NSF Undergraduate Fellow
Sagebrush steppe plant litter and its effects on N mineralization
Dr. Richard Inouye
Bachelor of Science in Botany
University Department and/or Lab:
College of Arts and Science
Nitrogen cycling within sagebrush steppe and its dependence on plant composition.
Description of Research:
My research looked at the N concentration within sagebrush and perennial grass communities. Core samples of soil were taken within plots. These plots either contained (perennial grasses and cut down sagebrush) or control plots which contained (both sagebrush and perennial grasses). The core sample were then placed in a growth chamber which maintained a constant temperature and moisture, which eliminated them as factors that effect the N cycling. The soil was then water with a nutrient broth that supplied every nutrient the microbes in the soil would need except for N. This was to ensure that I was seeing change in the amount of nitrogen that was present in the soil when collected.

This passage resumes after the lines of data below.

(* Let $E$ be a JB$^*$-triple in which tripotents are norm-total, and let $T:E\to E$ be a bounded linear map. The following are equivalent: (a) $T$ is a triple derivation; (b) for each tripotent $e\in E$, the map $(P_0(e)+P_2(e))T|_{E_0(e)\oplus E_2(e)}:E_0(e)\oplus E_2(e)\to E_0(e)\oplus E_2(e)$ is a triple derivation of the JB$^*$-subtriple $E_0(e)\oplus E_2(e)$; (c) for each tripotent $e\in E$, the map $P_2(e)T|_{E_2(e)}:E_2(e)\to E_2(e)$ is a triple derivation of $E_2(e)$ and $P_0(e)T(e)=0$.
   Context: A JB$^*$-triple is a complex Banach space $E$ with a continuous triple product $\{\cdot,\cdot,\cdot\}$, bilinear and symmetric in the outer variables and conjugate-linear in the middle one, satisfying the Jordan identity $L(a,b)L(x,y)=L(x,y)L(a,b)+L(L(a,b)x,y)-L(x,L(b,a)y)$, such that $L(a,a)$ is hermitian with non-negative spectrum and $\|\{a,a,a\}\|=\|a\|^3$, where $L(a,b)x=\{a,b,x\}$. Elements $a,b$ are orthogonal ($a\perp b$) if $L(a,b)=0$. A tripotent is $e\in E$ with $\{e,e,e\}=e$; it induces the Peirce decomposition $E=E_2(e)\oplus E_1(e)\oplus E_0(e)$, $E_j(e)=\{x:\{e,e,x\}=\tfrac j2 x\}$, with Peirce projections $P_j(e)$ onto $E_j(e)$; each $E_j(e)$ and $E_0(e)\oplus E_2(e)$ are JB$^*$-subtriples. Tripotents are norm-total in $E$ if every element of $E$ is a norm limit of finite linear combinations of mutually orthogonal tripotents. A linear map $\delta$ is a triple derivation if $\delta\{a,b,c\}=\{\delta(a),b,c\}+\{a,\delta(b),c\}+\{a,b,\delta(c)\}$ for all $a,b,c$. *)

From HB Require Import structures.
From mathcomp Require Import all_boot all_order all_algebra.
From mathcomp Require Import complex.
From mathcomp Require Import all_classical all_reals all_analysis.
Set Implicit Arguments. Unset Strict Implicit. Unset Printing Implicit Defensive.
Import Order.TTheory GRing.Theory Num.Theory ComplexField.
Import numFieldNormedType.Exports.
Local Open Scope ring_scope.

Section JB.
Variables (R : realType) (E : completeNormedModType R[i]).
Variable tp : E -> E -> E -> E.

Definition Lop (a b : E) : E -> E := fun x => tp a b x.
Lemma gap_is_derive (t : R) : -1 < t < 1 ->
  0 < K 1 1 t -> 0 < K (-1) (-1) t -> 0 < K 1 (-1) t -> 0 < K (-1) 1 t ->
  is_derive t 1 gap (gap' t).
Proof.
move=> /andP[tm tp] k1 k2 k3 k4.
have dp : is_derive t 1 (fun s => ln (1 + s)) (1 / (1 + 1 * t)).
  by under eq_fun do rewrite -[s in 1 + s]mul1r; apply: is_derive_ln_affine; lra.
have dm : is_derive t 1 (fun s => ln (1 - s)) (-1 / (1 + -1 * t)).
  by under eq_fun do rewrite -mulN1r; apply: is_derive_ln_affine; lra.
have := is_deriveB (is_deriveZ (2 * l) (is_deriveB dp dm))
  (is_deriveB (is_deriveD (is_deriveB (is_derive_ln_mixK k1) (is_derive_ln_mixK k2))
     (is_derive_ln_mixK k3)) (is_derive_ln_mixK k4)).
move=> /is_derive_eq; apply.
by rewrite /gap' /GRing.scale /= !mul1r !mulN1r; ring.
Qed.

(* The numerator of gap', as a polynomial in s = t^2, written as a sum of
   three products whose factors are nonnegative for l, b, s in [0, 1]. *)
Definition gap_num (s : R) : R :=
  (1 - s) * (2 * l * b ^+ 2 * (1 - l) * (1 - l ^+ 2 * b ^+ 2))
  + s * (2 * (1 - l) ^+ 2 * (1 + l + 2 * l * b) * (1 + l - 2 * l * b))
  + s * (1 - s) * (2 * (1 - b ^+ 2) * l ^+ 2 * (1 - l * b ^+ 2 - l ^+ 2 * (1 - b ^+ 2))).

Lemma gap'_factor (t : R) : 1 + t != 0 -> 1 - t != 0 ->
  K 1 1 t != 0 -> K (-1) (-1) t != 0 -> K 1 (-1) t != 0 -> K (-1) 1 t != 0 ->
  gap' t = 2 * l * gap_num (t ^+ 2) /
    ((1 + t) * (1 - t) * (K 1 1 t * K (-1) 1 t) * (K (-1) (-1) t * K 1 (-1) t)).
Proof.
rewrite /gap' /gap_num /mixK !mul1r => h1 h2 h3 h4 h5 h6.
by field; rewrite h1 h2 h3 h4 h5 h6.
Qed.

Hypotheses (hl : 0 <= l <= 1) (hb : 0 <= b < 1).

Lemma weight_bounds : [/\ b ^+ 2 <= 1, l * b ^+ 2 <= l & l ^+ 2 <= l].
Proof.
move: hl hb => /andP[l0 l1] /andP[b0 b1].
have b2 : b ^+ 2 <= 1 by nra.
by split => //; nra.
Qed.

Lemma gap_num_ge0 (s : R) : 0 <= s <= 1 -> 0 <= gap_num s.
Proof.
move: hl hb => /andP[l0 l1] /andP[b0 b1] /andP[s0 s1].
have [b2 lb l2] := weight_bounds.
by rewrite /gap_num !addr_ge0 ?mulr_ge0 //; nra.
Qed.

(* Strictly inside, the middle term of gap_num is positive. *)
Lemma gap_num_gt0 (s : R) : l < 1 -> 0 < s <= 1 -> 0 < gap_num s.
Proof.
move=> l1 /andP[s0 s1]; move: hl hb => /andP[l0 _] /andP[b0 b1].
have [b2 lb l2] := weight_bounds.
rewrite /gap_num; apply: ltr_wpDr; last apply: ltr_wpDl.
- by rewrite ?mulr_ge0 //; nra.
- by rewrite ?mulr_ge0 //; nra.
- by rewrite !mulr_gt0 ?exprn_gt0 ?subr_gt0 //; nra.
Qed.

Lemma K_gt0 {t : R} : 0 <= t < 1 ->
  [/\ 0 < K 1 1 t, 0 < K (-1) (-1) t, 0 < K 1 (-1) t & 0 < K (-1) 1 t].
Proof.
move=> /andP[t0 t1]; case/andP: hb => b0 b1.
have n1 : `|1 : R| <= 1 by rewrite normr1.
have nN1 : `|-1 : R| <= 1 by rewrite normrN normr1.
by split; apply: mixK_gt0 => //; rewrite ?t0 ?b0 ?ltW //; right.
Qed.

Lemma gap'_factor_pos {t : R} : 0 <= t < 1 ->
  exists2 D, 0 < D & gap' t = 2 * l * gap_num (t ^+ 2) / D.
Proof.
move=> ht; have [k1 k2 k3 k4] := K_gt0 ht.
have [tp tm] : 0 < 1 + t /\ 0 < 1 - t by case/andP: ht => ? ?; split; lra.
eexists; last by rewrite gap'_factor ?gt_eqF.
by rewrite !mulr_gt0.
Qed.
(* Let $\mathcal I,\mathcal J$ be ideals on $\omega$ with $\mathcal I\subseteq\mathcal J$. For every cardinal $\kappa\le\mathfrak c$ there exists a Hausdorff, separable, sequentially compact, compact (hence normal) space $X$ with $|X|=\kappa$ such that only countably many points of $X$ are isolated and for every sequence $(f_n)$ in $\mathcal C(X)$, if $(f_n)$ is $\mathcal I$-pointwise convergent to $0$ then $(f_n)$ is $\mathcal J$-$\sigma$-uniformly convergent to $0$.
   Context: $\mathfrak c$ denotes the cardinality of $\mathbb R$. An ideal on $\omega$ is a family $\mathcal I\subseteq\mathcal P(\omega)$ closed under finite unions and subsets, containing all finite sets, with $\omega\notin\mathcal I$. A real sequence $(a_n)$ is $\mathcal I$-convergent to $0$ if $\{n:|a_n|\ge\varepsilon\}\in\mathcal I$ for all $\varepsilon>0$. For a sequence $(f_n)$ of real functions on a set $X$: $\mathcal I$-pointwise convergence to $0$ means $(f_n(x))$ is $\mathcal I$-convergent to $0$ for each $x$; $\mathcal J$-uniform means $\{n:\exists x\in X\,(|f_n(x)|\ge\varepsilon)\}\in\mathcal J$ for each $\varepsilon>0$; $\mathcal J$-$\sigma$-uniform means $X=\bigcup_{k\in\omega}X_k$ with $(f_n\restriction X_k)$ $\mathcal J$-uniformly convergent to $0$ for each $k$. $\mathcal C(X)$ = continuous real functions on $X$. *)

From HB Require Import structures.
From mathcomp Require Import all_boot all_order all_algebra.
From mathcomp Require Import all_classical all_reals all_analysis.
Set Implicit Arguments. Unset Strict Implicit. Unset Printing Implicit Defensive.
Import Order.TTheory GRing.Theory Num.Theory.
Import numFieldNormedType.Exports.
Local Open Scope classical_set_scope.
Local Open Scope ring_scope.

This was repeated over a span of 3 months after which the data was analyzed. The data showed that there is in fact more N in the soils under sagebrush than is in the soils under perennial grasses. This disproved my hypothesis which stated that there would be more N under perennial grasses since it is easier to break down. Upon further research I discovered that a lot of dead grass (litter) in fact collects under sagebrush canopies instead of around the grasses due to wind. This litter in turn breaks down into the soil causing sagebrush to have much higher nutrient concentration in the soil otherwise called nutrient islands. The reason that the soil had more N even after the sagebrush had been cut down is because these nutrient islands can persist for up to a decade.
One example of how you integrate your research into your GK-12 experience:
My research was really helpful in the class because it is so ecology based which is really what seventh graders are learning about in their science classes. The required background in botany was helpful when we taught that section. I was better at helping with every lab because I knew what was really important for them to see in the experiment and how to help them reach a result from the project. As far as content my project was really helpful when we started talking about ecology, food webs, and life cycles. I was able to use my research as a real life example that was being shown to them by someone they knew that was able to tell them about it at a level that they were able to understand. As we continued to teach the concepts I would always be able to reference back to a point in my research and say "see it is sort of like what I did with the soil here". I don't think that I would have been able to bring as much to the classroom had I not had that research experience.